Facing issues with unicharset when trying to automate model training

97 views
Skip to first unread message

Jiansen Chan

unread,
Apr 28, 2025, 3:43:26 AM4/28/25
to tesseract-ocr
My goal is to automate model training in tesseract OCR for Japanese words. The user should just paste ground truth files and picture files into a particular folder, and then use that data to train a new model. this process should be able to be carried out multiple times. Every single time data is added to the folder I expect an automated model training.

However, this is the error that i run into when I try to run automated tesseract training on VSCode. What I did is that I had a script that uses watchdog to detect newly added .tif/.png files alongside their corresponding .gt.txt files into a particular folder (from which the model is supposed to treat as training data and use it to train). The watcher file looks something like this:

(watcher.py)

import time
import os
from watchdog.observers import Observer
from watchdog.events import FileSystemEventHandler
from pathlib import Path
from training.tesseract_training import run_tesseract_training
from training.training_model_utils import get_latest_and_next_model
WATCHED_FOLDER = r"C:\Users\Chan Jian Sen\Documents\ocr-japanese\INPUT_TRAINING_DATA"  #ground truth put here
tesstrain_dir = r"C:\Users\Chan Jian Sen\Documents\TesseractFineTuningJpn5\tesstrain"

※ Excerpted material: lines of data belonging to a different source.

(* Were [z u'] not parallel to [z u], replacing it by its component orthogonal to [z u]
   would gain orthogonal pairs. *)
Lemma orth_maximal_nonorth_parallel u u' :
  dot (z u) (z u') != 0 -> (z u' <= z u)%MS.
Proof.
move=> uu'0; apply/negPn/negP => nsub.
have [eu|uu'] := eqVneq u u'; first by rewrite eu submx_refl in nsub.
pose c := dot (z u') (z u) / dot (z u) (z u).
pose w := z u' - c *: z u.
have w0 : w != 0.
  apply: contra nsub => /eqP w0; apply/sub_rVP; exists c.
  by apply/eqP; rewrite -subr_eq0 -/w w0.
have wW : (w <= W)%MS by rewrite addmx_sub // -scaleNr scalemx_sub.
have wu : dot w (z u) = 0.
  by rewrite /w dotBl dotZl /c divfK ?subrr // dot_self_eq0.
have u'u : dot (z u') (z u) != 0 by rewrite dotC.
have orth_w j : dot (z u') (z j) = 0 -> orthn w (z j) = 1%N.
  move=> u'j; apply: orthn1; rewrite /w dotBl dotZl u'j.
  have [uj|uj] := eqVneq (dot (z u) (z j)) 0; first by rewrite uj mulr0 subrr.
  by have := orth_maximal_nonorth_trans u'u uj; rewrite u'j eqxx.
have gain : (orth_deg_off z u' (z u') < orth_deg_off z u' w)%N.
  rewrite /orth_deg_off !(bigD1 u (_ : u != u')) //= (orthn1 wu) (orthn0 u'u).
  rewrite add0n add1n ltnS; apply: leq_sum => j _.
  by have [/orth_w ->|/orthn0 ->] := eqVneq (dot (z u') (z j)) 0; rewrite ?orthn_le1.
have := orth_pairs_update (z_neq0 u') w0.
have := zmax.2 _ (nonzero_in_update u' zW w0 wW); lia.
Qed.

Lemma orth_maximal_orth_or_parallel i j :
  dot (z i) (z j) = 0 \/ (z j <= z i)%MS.
Proof.
have [|ij] := eqVneq (dot (z i) (z j)) 0; first by left.
by right; apply: orth_maximal_nonorth_parallel.
Qed.

End MaximalStructure.

End OrthogonalPairs.

Section AdaptedBasis.
Variables (R : realType) (m : nat).
Local Notation vec := 'rV[R]_m.

Definition orthonormal d (v : 'I_d -> vec) := forall i j, dot (v i) (v j) = (i == j)%:R.

Lemma orthonormal_onb_of d (W : 'M[R]_m) (v : 'I_d -> vec) :
  orthonormal v -> (forall j, (v j <= W)%MS) -> \rank W = d -> onb_of W v.
Proof.
move=> ov vW rW; split => //.
pose M := \matrix_(j < d) v j.
have MW : (M <= W)%MS by apply/row_subP => j; rewrite rowK.
have MMT : M *m M^T = 1%:M.
  by apply/matrixP => i j; rewrite !mxE -ov; apply: eq_bigr => k _; rewrite !mxE.
have rM : \rank M = d.
  apply/eqP; rewrite eqn_leq rank_leq_row /= -{1}(mxrank1 R d) -MMT.
  exact: mxrankM_maxl.
by rewrite -(mxrank_leqif_eq MW).2 rM rW.
Qed.

Lemma onb_sub d (W : 'M[R]_m) (v : 'I_d -> vec) j : onb_of W v -> (v j <= W)%MS.
Proof. by case=> _ /andP[vW _]; apply: submx_trans vW; rewrite -(rowK v j) row_sub. Qed.

Lemma onb_unit d (W : 'M[R]_m) (v : 'I_d -> vec) j : onb_of W v -> on_sphere (v j).
Proof. by case=> ov _; rewrite /on_sphere ov eqxx. Qed.

Lemma sub_onb_antip d (W : 'M[R]_m) (v : 'I_d -> vec) (x : vec) a j :
  onb_of W v -> on_sphere x -> (x <= v a)%MS -> antip x (v j) <-> a = j.
Proof.
move=> vonb xu /sub_rVP[c xE]; split=> [xvj|<-]; last first.
  by apply: sub_unit_antip xu (onb_unit _ vonb) _; rewrite xE scalemx_sub.
apply/eqP; apply: contraPT xvj => aj.
have vav : dot (v a) (v j) = 0 by rewrite vonb.1 (negbTE aj).
by case=> /(congr1 (fun w => dot w (v j))); rewrite ?dotNl xE dotZl vav mulr0
  (onb_unit _ vonb) => /eqP; rewrite eq_sym ?oppr_eq0 oner_eq0.
Qed.

Lemma orthonormal_lift d (u : vec) (v : 'I_d -> vec) :
  on_sphere u -> (forall j, dot (v j) u = 0) -> orthonormal v ->
  orthonormal (fun j : 'I_d.+1 => if unlift ord0 j is Some j' then v j' else u).
Proof.
move=> uu vu ov i j.
by case: (unliftP ord0 i) => [i'|] ->; case: (unliftP ord0 j) => [j'|] -> //=;
  rewrite dotC vu.
Qed.

Lemma exists_nonzero_sub (W : 'M[R]_m) :
  \rank W != 0%N -> exists2 a : vec, a != 0 & (a <= W)%MS.
Proof.
rewrite mxrank_eq0; case: (pickP (fun i => row i W != 0)) => [i Wi _|W0].
  by exists (row i W); rewrite ?row_sub.
by case/negP; apply/eqP/row_matrixP => i; rewrite row0; apply/eqP/negbFE/W0.
Qed.

Lemma mxrank_cap_orth (W : 'M[R]_m) (u : vec) : (u <= W)%MS -> on_sphere u ->
  \rank (W :&: kermx u^T)%MS = (\rank W).-1.
Proof.
move=> uW uu; set K := kermx u^T.
have rK : \rank K = m.-1 by rewrite mxrank_ker mxrank_tr rank_rV dot_self1_neq0 // subn1.
have uK : ~~ (u <= K)%MS by rewrite sub_kermx_tr uu oner_eq0.
have KWK : (K < W + K)%MS.
  rewrite ltmxE addsmxSr /=; apply: contra uK => WKK.
  exact: submx_trans uW (submx_trans (addsmxSl _ _) WKK).
have rWK : \rank (W + K)%MS = m.
  have := rank_leq_col (W + K)%MS; move: KWK; rewrite ltmxErank => /andP[_].
  by rewrite rK; lia.
have := mxrank_sum_cap W K; rewrite rWK rK.
have := rank_leq_col u; rewrite rank_rV dot_self1_neq0 //; lia.
Qed.

Lemma exists_pivot (W : 'M[R]_m) (s : seq vec) : \rank W != 0%N ->
  {in s, forall a, a != 0 /\ (a <= W)%MS} ->
  {in s &, forall a b, dot a b = 0 \/ (b <= a)%MS} ->
  exists a0 : vec, [/\ a0 != 0, (a0 <= W)%MS &
    {in s, forall a, dot a0 a = 0 \/ (a <= a0)%MS}].
Proof.
case: s => [|a s] rW sW spw; last first.
  have [a0 aW] := sW a (mem_head _ _).
  by exists a; split => // b bs; apply: spw; rewrite ?mem_head.
by have [a a0 aW] := exists_nonzero_sub rW; exists a; split.
Qed.

(* Normalize a pivot [a0]: the members of [s] not orthogonal to it are parallel to it,
   the others lie in [W :&: a0^perp], where the rest of the basis is found by induction. *)
Lemma onb_adapted d (W : 'M[R]_m) (s : seq vec) : \rank W = d ->
  {in s, forall a, a != 0 /\ (a <= W)%MS} ->
  {in s &, forall a b, dot a b = 0 \/ (b <= a)%MS} ->
  exists v : 'I_d -> vec, onb_of W v /\ {in s, forall a, exists j, (a <= v j)%MS}.
Proof.
elim: d W s => [|d IH] W s rW sW spw.
  have W0 : W = 0 by apply/eqP; rewrite -mxrank_eq0 rW.
  exists (fun _ => 0); split; first by apply: orthonormal_onb_of => // - [].
  by move=> a /sW[a0]; rewrite W0 submx0 (negbTE a0).
have [|a0 [a00 a0W a0s]] := exists_pivot (_ : \rank W != 0%N) sW spw; first by rewrite rW.
have [u uu /andP[a0u ua0]] := unit_multiple a00.
have uW : (u <= W)%MS := submx_trans ua0 a0W.
pose W' := (W :&: kermx u^T)%MS.
have rW' : \rank W' = d by rewrite mxrank_cap_orth // rW.
pose s' := [seq b <- s | dot u b == 0].
have s'W : {in s', forall a, a != 0 /\ (a <= W')%MS}.
  move=> a; rewrite mem_filter => /andP[/eqP ua /sW[a_neq0 aW]].
  by rewrite sub_capmx aW sub_kermx_tr dotC ua eqxx.
have s'pw : {in s' &, forall a b, dot a b = 0 \/ (b <= a)%MS}.
  by move=> a b; rewrite !mem_filter => /andP[_ ?] /andP[_ ?]; apply: spw.
have [v' [ov' ad']] := IH W' s' rW' s'W s'pw.
have v'W' j : (v' j <= W')%MS := onb_sub j ov'.
have v'u j : dot (v' j) u = 0.
  by apply/eqP; rewrite -sub_kermx_tr (submx_trans (v'W' j)) ?capmxSr.
exists (fun j : 'I_d.+1 => if unlift ord0 j is Some j' then v' j' else u); split.
  apply: orthonormal_onb_of => // [|j]; first exact: orthonormal_lift ov'.1.
  case: unliftP => [j'|] _ //; exact: submx_trans (v'W' j') (capmxSl _ _).
move=> a as_; have [ua|ua] := eqVneq (dot u a) 0.
  have [|j' aj'] := ad' a; first by rewrite mem_filter ua eqxx.
  by exists (lift ord0 j'); rewrite liftK.
exists ord0; rewrite unlift_none.
case: (a0s a as_) => [a0a|aa0]; last exact: submx_trans aa0 a0u.
have /sub_rVP[c uc] := ua0.
by move: ua; rewrite uc dotZl a0a mulr0 eqxx.
Qed.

class TrainingInputHandler(FileSystemEventHandler):
   
    def on_modified(self, event):
        self.check_and_trigger_training()

    def on_created(self, event):
        self.check_and_trigger_training()

    def check_and_trigger_training(self):
        files = os.listdir(WATCHED_FOLDER)
        pngs = {Path(f).stem for f in files if f.endswith('.png')}
        gts = {Path(f).stem for f in files if f.endswith('.gt.txt')}
        common = pngs & gts

        if len(common) == 0:
            print("⏳ Waiting for matching .png and .gt.txt pairs...")
         

        tessdata_path = r"C:\Users\Chan Jian Sen\Documents\TesseractFineTuningJpn5\tessdata"
        start_model, new_model = get_latest_and_next_model(tessdata_path)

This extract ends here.